What is expected: Beneath this task are records; print exactly the stretch of them from the line with "meets more intervals" through the line with "under eq_bigr =>", both ends included.

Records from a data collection

(* Let $P=(T;U,V)$ be a 3M-DAP with $u = v+1$. Then $f(P) > x_u - x_v$.
   Context: A three-matrix division and assignment problem (3M-DAP) $P=(T;U,V)$ is specified by integers $t,u,v$ (numbers of columns), integers $s_t, s_u, s_v$ (numbers of rows) and rationals $x_t, x_u, x_v$ (required row sums), subject to: $t \ge 2$, $u \ge 2$, $v \ge 1$; if $v = 1$ then $v s_v \le (t-2)s_t$; $s_t > 0$, $s_u > 0$, $s_v \ge 0$; $s_u u + s_v v = s_t t$; $s_u x_u + s_v x_v = s_t x_t$; and $x_u/u < x_v/v$. A feasible solution assigns real values to the entries of an $s_t\times t$ matrix $T$, an $s_u \times u$ matrix $U$ and an $s_v \times v$ matrix $V$ so that every row of $T$, $U$, $V$ sums to $x_t$, $x_u$, $x_v$ respectively, and the multiset of entries of $T$ equals the multiset union of the entries of $U$ and $V$. $f(P)$ is the maximum, over feasible solutions, of the smallest entry of $T$. *)

From HB Require Import structures.
From mathcomp Require Import all_boot all_order all_algebra.
From mathcomp Require Import classical_sets reals.
Set Implicit Arguments. Unset Strict Implicit. Unset Printing Implicit Defensive.
Import Order.TTheory GRing.Theory Num.Theory.
Local Open Scope ring_scope.
Local Open Scope classical_set_scope.

(* Parameters of a three-matrix division and assignment problem (3M-DAP):
   column numbers t u v, row numbers st su sv, rational row sums xt xu xv. *)
Definition is_3MDAP (t u v st su sv : nat) (xt xu xv : rat) : Prop :=
  (2 <= t)%N /\ (2 <= u)%N /\ (1 <= v)%N /\
  (v = 1%N -> (v * sv <= (t - 2) * st)%N) /\
  (0 < st)%N /\ (0 < su)%N /\
  (su * u + sv * v = st * t)%N /\
  su%:R * xu + sv%:R * xv = st%:R * xt /\
  xu / u%:R < xv / v%:R.

Definition mx_entries (R : Type) (m n : nat) (A : 'M[R]_(m, n)) : seq R :=
  [seq A i j | i <- enum 'I_m, j <- enum 'I_n].

Definition feasible (R : realType) (t u v st su sv : nat) (xt xu xv : rat)
  (T : 'M[R]_(st, t)) (U : 'M[R]_(su, u)) (V : 'M[R]_(sv, v)) : Prop :=
  [/\ forall i, \sum_j T i j = ratr xt,
      forall i, \sum_j U i j = ratr xu,
      forall i, \sum_j V i j = ratr xv &
      perm_eq (mx_entries T) (mx_entries U ++ mx_entries V)].

Definition min_entry_values (R : realType) (t u v st su sv : nat)
  (xt xu xv : rat) : set R :=
  [set y | exists (T : 'M[R]_(st, t)) (U : 'M[R]_(su, u)) (V : 'M[R]_(sv, v)),
     feasible xt xu xv T U V /\ (exists i j, T i j = y) /\
     (forall i j, y <= T i j)].

Arguments min_entry_values R t u v st su sv xt xu xv : clear implicits.

Definition f_dap (R : realType) (t u v st su sv : nat) (xt xu xv : rat) : R :=
  sup (min_entry_values R t u v st su sv xt xu xv).
Arguments f_dap R t u v st su sv xt xu xv : clear implicits.

From mathcomp Require Import all_boot all_order all_algebra.
From mathcomp Require Import classical_sets reals.
From mathcomp Require Import zify ring.
Set Implicit Arguments. Unset Strict Implicit. Unset Printing Implicit Defensive.
Import Order.TTheory GRing.Theory Num.Theory.

(* Write every entry as [(xu - xv) + g w] with [g = u xv - v xu > 0].  The row
   conditions of U and V become "the rows sum to 1", so it suffices to solve this
   normalised problem with all entries [w] of T positive; after scaling by a common
   denominator it is a problem about positive integers.
   Integer solutions come from overlaying two partitions of a segment: consecutive
   intervals for the rows of T against consecutive intervals for the rows of U and V.
   The positive overlaps, padded with zeros to the required number of entries and all
   shifted by some [e > 0], are the entries; the lengths are chosen so that no interval
   meets more intervals of the other partition than its row has entries.  For [v = 1]
   the one-entry rows of V are instead placed whole inside the rows of T. *)

(** * Counting crossings of interval partitions *)

Lemma count_sumE (T : Type) (P : pred T) (s : seq T) :
  count P s = \sum_(x <- s) (P x : nat).
Proof. by elim: s => [|x s IH]; rewrite ?big_nil ?big_cons //= IH. Qed.

Lemma perm_allpairs_swap (T : eqType) (f : nat -> nat -> T) (s r : seq nat) :
  perm_eq [seq f i j | i <- s, j <- r] [seq f i j | j <- r, i <- s].
Proof.
apply/permP => a; rewrite !count_flatten -!map_comp !sumnE !big_map.
under eq_bigr => i _ do rewrite /= count_sumE big_map.
under [RHS]eq_bigr => j _ do rewrite /= count_sumE big_map.
exact: exchange_big.
Qed.

Lemma perm_flatten_cat (T : eqType) (F G : nat -> seq T) (s : seq nat) :
  perm_eq (flatten [seq F i ++ G i | i <- s])
          (flatten [seq F i | i <- s] ++ flatten [seq G i | i <- s]).
Proof.
elim: s => [|a s IH] //=.
by rewrite perm_sym perm_catACA perm_sym perm_cat2l.
Qed.

Lemma flatten_nseq (T : Type) (x : T) (g : nat -> nat) (s : seq nat) :
  flatten [seq nseq (g i) x | i <- s] = nseq (\sum_(i <- s) g i) x.
Proof. by elim: s => [|a s IH]; rewrite ?big_nil ?big_cons //= IH nseqD. Qed.

Lemma iota0E n : iota 0 n = index_iota 0 n.
Proof. by rewrite /index_iota subn0. Qed.

Lemma sumn_map_addn e (s : seq nat) : sumn (map (addn e) s) = size s * e + sumn s.
Proof. by elim: s => //= x s ->; rewrite mulSn; lia. Qed.

Lemma sumn_filter_gt0 (F : nat -> nat) (s : seq nat) :
  sumn [seq F j | j <- s & 0 < F j] = \sum_(j <- s) F j.
Proof.
elim: s => [|a s IH]; rewrite ?big_nil ?big_cons //=.
by case: ifP => /= [_|]; rewrite IH //; rewrite lt0n => /negbFE /eqP ->.
Qed.

Lemma sum_nat_subn n (f g : nat -> nat) : (forall i, i < n -> f i <= g i) ->
  \sum_(0 <= i < n) (g i - f i) = \sum_(0 <= i < n) g i - \sum_(0 <= i < n) f i.
Proof.
move=> H; rewrite -[X in _ = X - _](eq_big_nat _ _ (F1 := fun i => g i - f i + f i)).
  by rewrite big_split /= addnK.
by move=> i /andP [_ ilt]; rewrite subnK ?H.
Qed.

Section IncreasingSequences.
Variables (f : nat -> nat) (n : nat).

Lemma leq_nondecreasing_in : (forall j, j < n -> f j <= f j.+1) ->
  forall a b, a <= b -> b <= n -> f a <= f b.
Proof.
move=> H a b ab bn; elim: b ab bn => [|b IH]; first by rewrite leqn0 => /eqP ->.
rewrite leq_eqVlt => /orP [/eqP -> //| ab] bn.
exact: leq_trans (IH ab (ltnW bn)) (H _ bn).
Qed.

Lemma leq_spaced_in sig : (forall j, j < n -> f j + sig <= f j.+1) ->
  forall a k, a + k <= n -> f a + k * sig <= f (a + k).
Proof.
move=> H a; elim=> [|k IH] akn; first by rewrite addn0 mul0n addn0.
have := IH ltac:(lia).
have := H (a + k); rewrite addnS in akn * => /(_ akn); rewrite mulSn; lia.
Qed.

End IncreasingSequences.

(* [crosses f lo hi j]: the [j]-th interval [[f j, f j.+1]] of the partition with
   breakpoints [f] overlaps [(lo, hi)] in positive length. *)
Definition crosses (f : nat -> nat) lo hi j := (f j < hi) && (lo < f j.+1).

Lemma count_iota_le_spread (P : pred nat) n m :
  (forall j1 j2, j1 < j2 -> j2 < n -> P j1 -> P j2 -> j2 - j1 <= m) ->
  count P (iota 0 n) <= m.+1.
Proof.
move=> H; rewrite -size_filter.
case E: (filter P (iota 0 n)) => [|h s] //=.
have srt : sorted ltn (h :: s).
  by rewrite -E; apply: (sorted_filter ltn_trans); exact: iota_ltn_sorted.
have un : uniq (h :: s) by rewrite -E; apply: filter_uniq; exact: iota_uniq.
have memE x : x \in h :: s -> P x /\ x < n.
  by rewrite -E mem_filter mem_iota => /andP [Px /andP [_ xn]].
suff : size (h :: s) <= size (iota h m.+1) by rewrite size_iota.
apply: uniq_leq_size => // x xs; rewrite mem_iota.
have [Ph _] := memE h (mem_head _ _); have [Px xn] := memE x xs.
move: xs; rewrite inE => /orP [/eqP ->|xs]; first by lia.
have hx : h < x by move/allP: (order_path_min ltn_trans srt) => /(_ x xs).
have := H h x hx xn Ph Px; lia.
Qed.

Lemma count_crosses_spaced (f : nat -> nat) n sig lo hi m :
  (forall j, j < n -> f j + sig <= f j.+1) -> hi - lo <= m * sig ->
  count (crosses f lo hi) (iota 0 n) <= m.+1.
Proof.
move=> H hl; apply: count_iota_le_spread => j1 j2 j12 j2n /andP [_ h1] /andP [h2 _].
have := leq_spaced_in H (a := j1.+1) (k := j2 - j1.+1); rewrite subnKC // => /(_ (ltnW j2n)) g.
have : (j2 - j1.+1) * sig < m * sig by lia.
rewrite ltn_mul2r => /andP [_]; lia.
Qed.

Lemma count_crosses_no_inside (f : nat -> nat) n lo hi :
  (forall j, j < n -> f j < f j.+1) ->
  (forall i, i < n -> ~~ ((lo < f i) && (f i.+1 < hi))) ->
  count (crosses f lo hi) (iota 0 n) <= 2.
Proof.
move=> H N; apply: count_iota_le_spread => j1 j2 j12 j2n /andP [_ h1] /andP [h2 _].
rewrite leqNgt; apply/negP => d2.
have mono := leq_nondecreasing_in (fun j jn => ltnW (H j jn)).
have := N j1.+1 ltac:(lia); rewrite h1 /=.
have := mono j1.+2 j2 ltac:(lia) (ltnW j2n); lia.
Qed.

Lemma not_inside_of_grid al lo hi g j : lo <= g * al <= hi ->
  ~~ ((j * al < lo) && (hi < j.+1 * al)).
Proof.
move=> /andP [lo_g g_hi]; apply/negP => /andP [j_lo hi_j].
have := leq_ltn_trans g_hi hi_j; have := leq_trans j_lo lo_g.
by rewrite !ltn_mul2r => /andP [_ jg] /andP [_]; rewrite ltnS leqNgt jg.
Qed.

Lemma exists_grid_point p a b i : p.+1 * a = p * b -> exists g, i * a <= g * b <= i.+1 * a.
Proof.
move=> h; exists ((i %/ p.+1) * p + i %% p.+1).
have lt_mod := ltn_pmod i (ltn0Sn p); have i_E := divn_eq i p.+1.
apply/andP; split.
- rewrite -(leq_pmul2l (ltn0Sn p)) mulnCA h [p.+1 * (_ * b)]mulnA [i * _]mulnA.
  by apply: leq_mul => //; rewrite i_E; lia.
- rewrite -(leq_pmul2l (ltn0Sn p)) [X in _ <= X]mulnCA h [p.+1 * (_ * b)]mulnA [i.+1 * _]mulnA.
  by apply: leq_mul => //; rewrite i_E; lia.
Qed.

Lemma exists_mul_window d K : 0 < d -> d < K -> exists2 m, 0 < m & m * d < K <= m.+1 * d.
Proof.
move=> d0 dK; exists ((K - 1) %/ d); first by rewrite divn_gt0 //; lia.
have := leq_divM (K - 1) d; have := ltn_ceil (K - 1) d0; lia.
Qed.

Output of the exercise:
   meets more intervals of the other partition than its row has entries.  For [v = 1]
   the one-entry rows of V are instead placed whole inside the rows of T. *)

(** * Counting crossings of interval partitions *)

Lemma count_sumE (T : Type) (P : pred T) (s : seq T) :
  count P s = \sum_(x <- s) (P x : nat).
Proof. by elim: s => [|x s IH]; rewrite ?big_nil ?big_cons //= IH. Qed.

Lemma perm_allpairs_swap (T : eqType) (f : nat -> nat -> T) (s r : seq nat) :
  perm_eq [seq f i j | i <- s, j <- r] [seq f i j | j <- r, i <- s].
Proof.
apply/permP => a; rewrite !count_flatten -!map_comp !sumnE !big_map.
under eq_bigr => i _ do rewrite /= count_sumE big_map.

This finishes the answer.